Buitenland-minister Albert Ramdin heeft dinsdag op de door hem belegde persconferentie verduidelijkt waarom de grenskwestie rond het “Tigri”-gebied bij de zuidwest grens met Guyana niet bij het Internationaal Gerechtshof (ICJ) is voorgelegd voor een oordeel. Dit heeft volgens hem te maken met de reservering die Suriname toen in 1987 heeft gemaakt bij de toetreding tot de ICJ. De reservering die Suriname toen heeft gemaakt is, dat het ICJ geen mandaat heeft over de grenskwestie rond “Tigri”. Dat is een besluit van de Surinaamse regering.
Over een eventueel besluit om die reservering op te heffen zal eerst goed gekeken moeten worden naar de voor- en nadelen, aldus de minister.

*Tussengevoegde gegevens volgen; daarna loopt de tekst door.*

(* Let $A$ be a nonempty finite set of $n$ alternatives. A choice rule $C$ on $A$ is (capacity-constrained) lexicographic if and only if it satisfies capacity-filling, gross substitutes, monotonicity, and the capacity-wise weak axiom of revealed preference (CWARP).
   Context: Let $\mathcal{A}$ be the set of all nonempty subsets of $A$. A choice rule is a map $C$ assigning to each $(S,q)\in\mathcal{A}\times\{1,\dots,n\}$ a nonempty set $C(S,q)\subseteq S$ with $|C(S,q)|\le q$; write $R(S,q)=S\setminus C(S,q)$. A priority ordering is a complete, transitive, antisymmetric binary relation on $A$; a priority profile is a list $(\succ_1,\dots,\succ_n)$ of $n$ priority orderings. $C$ is lexicographic for $(\succ_1,\dots,\succ_n)$ if for every $(S,q)$, $C(S,q)$ is obtained by choosing the $\succ_1$-highest alternative in $S$, then the $\succ_2$-highest among the remaining ones, and so on, until $q$ alternatives are chosen or none is left; $C$ is lexicographic if it is lexicographic for some priority profile. Capacity-filling: $|C(S,q)|=\min\{|S|,q\}$ for all $(S,q)$. Gross substitutes: for each $(S,q)$ and $a,b\in S$ with $a\ne b$, $a\in C(S,q)$ implies $a\in C(S\setminus\{b\},q)$. Monotonicity: $C(S,q)\subseteq C(S,q+1)$ for all $S\in\mathcal{A}$, $q\in\{1,\dots,n-1\}$. For $q\in\{2,\dots,n\}$, $a$ is revealed to be preferred to $b$ at $q$ if there is $S\in\mathcal{A}$ with $a,b\notin C(S,q-1)$, $a\in C(S,q)$ and $b\in R(S,q)$. CWARP: for each $q\in\{2,\dots,n\}$ and $a,b\in A$, if $a$ is revealed to be preferred to $b$ at $q$ then $b$ is not revealed to be preferred to $a$ at $q$. *)

From mathcomp Require Import all_boot.
Set Implicit Arguments. Unset Strict Implicit. Unset Printing Implicit Defensive.

Section ChoiceRules.
Variable A : finType.

(* A choice rule is a map C : {set A} -> nat -> {set A}; only its values on
   nonempty S and capacities q in {1,...,n}, n = #|A|, matter. *)
Definition choice_rule (C : {set A} -> nat -> {set A}) : Prop :=
  forall S q, S != set0 -> 0 < q <= #|A| ->
    [/\ C S q \subset S, C S q != set0 & #|C S q| <= q].

Definition rejected (C : {set A} -> nat -> {set A}) S q := S :\: C S q.

Definition priority (r : rel A) : Prop :=
  [/\ (forall x y, r x y || r y x),
      (forall x y z, r x y -> r y z -> r x z)
    & (forall x y, r x y -> r y x -> x = y)].

Definition profile := 'I_#|A| -> rel A.

Definition priority_profile (P : profile) : Prop := forall i, priority (P i).

(* The ordering used at step k+1 (k is 0-based); irrelevant default beyond n. *)
Definition prof_at (P : profile) (k : nat) : rel A :=
  match insub k with Some i => P i | None => fun _ _ => true end.

Definition lex_step (r : rel A) (S chosen : {set A}) : {set A} :=
  match [pick x in S :\: chosen | [forall y in S :\: chosen, r x y]] with
  | Some x => x |: chosen
  | None => chosen
  end.

Fixpoint lex_chosen (P : profile) (S : {set A}) (k : nat) : {set A} :=
  match k with
  | 0 => set0
  | k'.+1 => lex_step (prof_at P k') S (lex_chosen P S k')
  end.
Lemma singletons_barrier : barrier singletons.
Proof.
split; first by move=> _ [n ->].
split.
  move=> [l l_all]; pose n := ubound (map (head 0) l).
  have /(map_f (head 0)) /ubound_gt := l_all [:: n] (ex_intro _ n erefl).
  by rewrite ltnn.
split.
  by move=> _ _ [a ->] [b ->] /(_ a (mem_head _ _)); rewrite inE => /eqP->.
move=> X X_infinite _; have [n Xn] := X_infinite 0.
have [m [Xm m_min]] := @ex_minimal X (ex_intro _ n Xn.2).
exists [:: m]; split; first by exists m.
split=> //; split=> //; split=> [x|x Xx /= xm]; first by rewrite inE => /eqP->.
by rewrite inE eqn_leq xm m_min.
Qed.

Lemma shift_rel_singletons i j : shift_rel [:: i] [:: j] -> i < j.
Proof.
move=> [r [r_sorted [[k [kr eq_s]] [_ eq_t]]]].
case: r r_sorted kr eq_s eq_t => [|x [|y [|z r]]] //= r_sorted kr eq_s [->].
by case: k kr eq_s => [|[|k]] //= _ [->]; case/andP: r_sorted.
Qed.

Lemma bqo_wqo T (le : T -> T -> Prop) : quasi_order le -> bqo le -> wqo le.
Proof.
move=> [_ le_trans] le_bqo.
have good_pair (g : nat -> T) : exists i j, i < j /\ le (g i) (g j).
  have [_ [_ [[i ->] [[j ->] [ij le_ij]]]]] := le_bqo _ singletons_barrier (fun s => g (head 0 s)).
  by exists i, j; split=> //; apply: shift_rel_singletons.
split=> [[g g_desc]|[g g_antichain]]; have [i [j [ij le_ij]]] := good_pair g.
  suff : forall j, i < j -> ~ le (g i) (g j) by move/(_ j ij).
  elim=> // k IH; rewrite ltnS leq_eqVlt => /predU1P[<-|ik]; first exact: (g_desc i).2.
  by move=> le_ik; apply: (IH ik); apply: le_trans le_ik (g_desc k).1.
by apply: (g_antichain i j) => // eq_ij; rewrite eq_ij ltnn in ij.
Qed.
Lemma chain_costS k : chain_cost k.+1 = (chain_cost k + gap_cost k) / 2.
Proof.
have -> : chain_cost k.+1 =
  (chain_cost_fuel k.+1 k + gap_cost_of (chain_cost_fuel k.+1) k) / 2 by [].
congr ((_ + _) / 2); rewrite /gap_cost /gap_cost_of.
case: eqP => // k0; case: ifP => // k2.
by rewrite /chain_cost (@chain_cost_fuel_enough k.+1 k.+1./2.+1)
  ?(@chain_cost_fuel_enough k.+1 (uphalf k.+1).+1) //; lia.
Qed.

Lemma chain_cost1 : chain_cost 1 = 0.
Proof. by rewrite chain_costS chain_cost0 /gap_cost /gap_cost_of /=; field. Qed.

Lemma blocked_chain_cost1 : blocked_chain_cost 1 = 1. Proof. by []. Qed.

Lemma gap_cost1 : gap_cost 1 = 1. Proof. by []. Qed.

Lemma gap_cost2 : gap_cost 2 = 1. Proof. by []. Qed.

Lemma blocked_chain_costS k : (0 < k)%N ->
  blocked_chain_cost k.+1 = (blocked_chain_cost k + gap_cost k) / 2.
Proof. by case: k. Qed.

Lemma gap_cost_large g : (2 < g)%N ->
  gap_cost g = chain_cost g.+1./2 + chain_cost (uphalf g.+1).
Proof.
move=> g2; rewrite /gap_cost /gap_cost_of.
by have [-> ->] : (g == 0%N) = false /\ (g <= 2)%N = false by split; lia.
Qed.

Lemma gap_cost_split g : (2 < g)%N ->
  gap_cost g = ((chain_cost (uphalf g).-1 + gap_cost (g - uphalf g))
              + (chain_cost (g - uphalf g) + gap_cost (uphalf g).-1)) / 2.
Proof.
move=> g3; rewrite gap_cost_large //.
have -> : g.+1./2 = (uphalf g).-1.+1 by lia.
have -> : uphalf g.+1 = (g - uphalf g).+1 by lia.
by rewrite !chain_costS; field.
Qed.

Local Close Scope ring_scope.

(** * Seats, napkins and gaps *)

Lemma updE (f : nat -> bool) k x : upd f k x = (x == k) || f x.
Proof. by rewrite /upd; case: eqP. Qed.

Lemma upd_self (f : nat -> bool) k : upd f k k.
Proof. by rewrite updE eqxx. Qed.

Lemma upd_mono (f : nat -> bool) k x : f x -> upd f k x.
Proof. by rewrite updE => ->; rewrite orbT. Qed.

Lemma leftS_pred n s : 1 < s -> leftS n s = s.-1.
Proof. by rewrite /leftS; case: eqP => // ->. Qed.

Lemma rightS_succ n s : s < n -> rightS n s = s.+1.
Proof. by rewrite /rightS; case: eqP => // ->; rewrite ltnn. Qed.

Lemma leftS_rightS n r : 0 < r <= n -> leftS n (rightS n r) = r.
Proof. by rewrite /rightS /leftS; case: (r =P n) => [->|]; case: eqP; lia. Qed.

Lemma take_napkinE n (tk : nat -> bool) s b : 1 < s ->
  take_napkin n tk s b =
    let pref := if b then s else s.-1 in let other := if b then s.-1 else s in
    if ~~ tk pref then (upd tk pref, 0) else if ~~ tk other then (upd tk other, 0)
    else (tk, 1).
Proof. by move=> s1; rewrite /take_napkin leftS_pred. Qed.

Lemma take_napkin_mono n (tk : nat -> bool) s b j : tk j -> (take_napkin n tk s b).1 j.
Proof. by rewrite /take_napkin; do 2?case: ifP => _ //=; apply: upd_mono. Qed.

Lemma take_napkin_new n (tk : nat -> bool) s b j : 1 < s ->
  (take_napkin n tk s b).1 j -> [|| tk j, j == s | j == s.-1].
Proof.
move=> s1; rewrite take_napkinE //=.
have upd_new k : (k == s) || (k == s.-1) -> upd tk k j -> [|| tk j, j == s | j == s.-1].
  by move=> hk; rewrite updE => /orP[/eqP->|->]; rewrite ?hk ?orbT.
by case: b; do 2?case: ifP => _ /=; try by [apply: upd_new; rewrite eqxx ?orbT | move=> ->].
Qed.

Definition in_gap x (a : nat * nat) := a.1 <= x <= a.2.
Definition gap_len (a : nat * nat) := a.2.+1 - a.1.
Definition proper_gap n (a : nat * nat) := [&& 1 < a.1, a.1 <= a.2 & a.2 <= n].
Definition before (a b : nat * nat) := a.2.+1 < b.1.
Definition interior_free (tk : nat -> bool) l r := forall j, l <= j < r -> tk j = false.
Definition closed_gap (tk : nat -> bool) (a : nat * nat) :=
  [/\ tk a.1.-1, tk a.2 & interior_free tk a.1 a.2].

Definition gap_context n (occ tk : nat -> bool) xs (g : nat * nat) ys :=
  [/\ all (proper_gap n) (xs ++ g :: ys), pairwise before (xs ++ g :: ys),
      forall x, 0 < x <= n -> occ x = ~~ has (in_gap x) (xs ++ g :: ys) &
      forall a, a \in xs ++ ys -> closed_gap tk a].

Lemma interior_free_upd tk l r l' r' k :
  interior_free tk l r -> l <= l' -> r' <= r -> (k < l') || (r' <= k) ->
  interior_free (upd tk k) l' r'.
Proof. by move=> free ll rr kout j jlr; rewrite updE free ?orbF; [apply/eqP | ]; lia. Qed.

Lemma before_cat_cons xs g ys : pairwise before (xs ++ g :: ys) ->
  [/\ all (fun a => a.2.+1 < g.1) xs, all (fun a => g.2.+1 < a.1) ys,
      pairwise before xs, pairwise before ys & allrel before xs ys].
Proof. by rewrite pairwise_cat allrel_consr /= => /and4P [/andP [? ?] ? ? ?]. Qed.

Section GapContext.

Variables (n : nat) (occ tk : nat -> bool) (xs ys : seq (nat * nat)) (l r : nat).
Hypothesis ctx : gap_context n occ tk xs (l, r) ys.

Lemma context_bounds : [/\ 1 < l, l <= r & r <= n].
Proof.
by case: ctx => /allP /(_ (l, r)); rewrite mem_cat mem_head orbT => /(_ isT) /and3P.
Qed.

Lemma context_left_gaps x : l <= x.+1 -> has (in_gap x) xs = false.
Proof.
case: ctx => _ /before_cat_cons [/allP xs_lt _ _ _ _] _ _ lx.
by apply/hasP => -[a /xs_lt /=]; rewrite /in_gap; lia.
Qed.

Lemma context_right_gaps x : x <= r.+1 -> has (in_gap x) ys = false.
Proof.
case: ctx => _ /before_cat_cons [_ /allP ys_gt _ _ _] _ _ xr.
by apply/hasP => -[a /ys_gt /=]; rewrite /in_gap; lia.
Qed.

De bewindsman benadrukt, dat de afspraak met Guyana is dat de kwestie rond de zuidoost grens via het traject van overleg wordt opgelost. Dat traject is gaande en binnenkort zullen de nationale grenscommissies van beide landen bijeenkomen ter bespreking van een eindrapport, met daarin aanbevelingen naar de ministers van Buitenlandse Zaken van beide landen toe. De aanbevelingen zullen aangeven wat de te volgen traject zal zijn op tot een oplossing te komen.
Ramdin geeft ook aan dat het geen internationaal gebruik is dat bij geschillen partijen een hoger instantie raadplegen, zonder dat alle bilaterale en regionale inspanningen zijn gepleegd.